On March 12, 2018, a Skywest flight preparing to depart from Salt Lake City, Utah grounded once the ground crew smelled a burning electrical smell. After removing all of the stored luggage, a bag was found containing two pairs of Lithium-ion battery heated socks, which had burned. Not only are socks less portable with the inclusion of batteries, apparently they are more flammable - probably not a risk you would normally associate with socks.
By halting the flight, every passenger on board was delayed from arriving at their destination. This mishap would have caused passengers to miss connecting flights, as well as appointments scheduled for when they had originally planned to arrive. And those delays were the happy ending: imagine the result if the socks had caught fire while the flight was in the air.
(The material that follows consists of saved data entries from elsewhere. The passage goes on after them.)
Lemma one_minus_flow_le_decay : 1 - flow z t <= decay t.
Proof.
  pose proof decay_bounds. pose proof flow_den_ge. rewrite one_minus_flow.
  apply Rle_div_l; [lra|].
  assert (0 <= z * (delta - beta) * decay t) by (repeat apply Rmult_le_pos; lra).
  assert (0 <= decay t * (flow_den z t - (delta - beta))) by (apply Rmult_le_pos; lra).
  nra.
Qed.

Lemma is_derive_flow : is_derive (flow z) t (rate (flow z t)).
Proof.
  pose proof flow_den_ge. unfold rate, flow, flow_den, decay in *.
  auto_derive; [lra|]. field. lra.
Qed.

Lemma continuous_rate_flow : continuous (fun r => rate (flow z r)) t.
Proof.
  pose proof flow_den_ge. apply (@ex_derive_continuous R_AbsRing R_NormedModule).
  unfold rate, flow, flow_den, decay in *. auto_derive. lra.
Qed.

End Flow.

Lemma flow_cvg_1 z : 0 <= z < 1 -> filterlim (flow z) (Rbar_locally p_infty) (at_left 1).
Proof.
  intros Hz P [eps HP].
  exists (Rmax 0 (ln eps / (beta - delta))). intros T HT.
  pose proof (Rmax_l 0 (ln eps / (beta - delta))). pose proof (Rmax_r 0 (ln eps / (beta - delta))).
  assert (Hdecay : decay T < eps).
  { rewrite <- (exp_ln eps) by apply cond_pos. apply exp_increasing.
    apply (Rmult_lt_reg_r (/ (delta - beta))); [apply Rinv_0_lt_compat; lra|].
    replace ((beta - delta) * T * / (delta - beta)) with (- T) by (field; lra).
    replace (ln eps * / (delta - beta)) with (- (ln eps / (beta - delta))) by (field; lra).
    lra. }
  pose proof (flow_bounds z T Hz ltac:(lra)). pose proof (one_minus_flow_le_decay z T Hz ltac:(lra)).
  apply HP; [|lra]. apply Rabs_lt_between'. lra.
Qed.

Lemma prefactor_weight_flow z t : 0 <= z < 1 -> 0 <= t ->
  Cscal (rate (flow z t)) (Cmul (rhs_prefactor beta delta z s) (rhs_weight (flow z t)))
  = Cexp (Copp (Cscal t s)).
Proof.
  intros Hz Ht. pose proof (flow_bounds z t Hz Ht). pose proof (flow_den_ge z t Hz Ht).
  unfold rate, rhs_weight, rhs_prefactor. fold shat.
  rewrite Cpow_combine by (try apply Rdiv_lt_0_compat; nra).
  rewrite one_minus_flow, delta_minus_beta_flow by assumption.
  replace ((delta - beta * z) / (1 - z) * ((1 - z) * (delta - beta) * decay t / flow_den z t) /
           ((delta - beta) * (delta - beta * z) / flow_den z t)) with (exp ((beta - delta) * t))
    by (unfold decay; field; repeat split; nra).
  rewrite Cpow_exp. f_equal. unfold shat, Cscal, Copp; simpl. f_equal; field; lra.
Qed.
By some estimates, American consumers dispose of 3 billion batteries each year. Those batteries add 86,000 tons of waste to landfill sites each year. As batteries decompose or get crushed in the landfill, dangerous toxins get released into the environment. These toxins include mercury, nickel, cadmium, cobalt and lead. With each year of additional battery waste, the impact to the environment becomes more severe. In a world with battery proliferation due to the internet of things, a more appropriate moniker may soon be the landfill of things.
Summary
Subscription services are killing you and forcing you to stay in debt. Battery powered products are subscription services, except you don't realize the subscription you're paying for isn't a fun product or service. Batteries have costs that go far beyond the impact to your personal budget - your fellow travelers in airplanes and this planet are affected as well.
Do you have examples of places where batteries have been added that are very weird? How much do you spend each month on replacing batteries? Does that cost have a significant impact on your personal budget?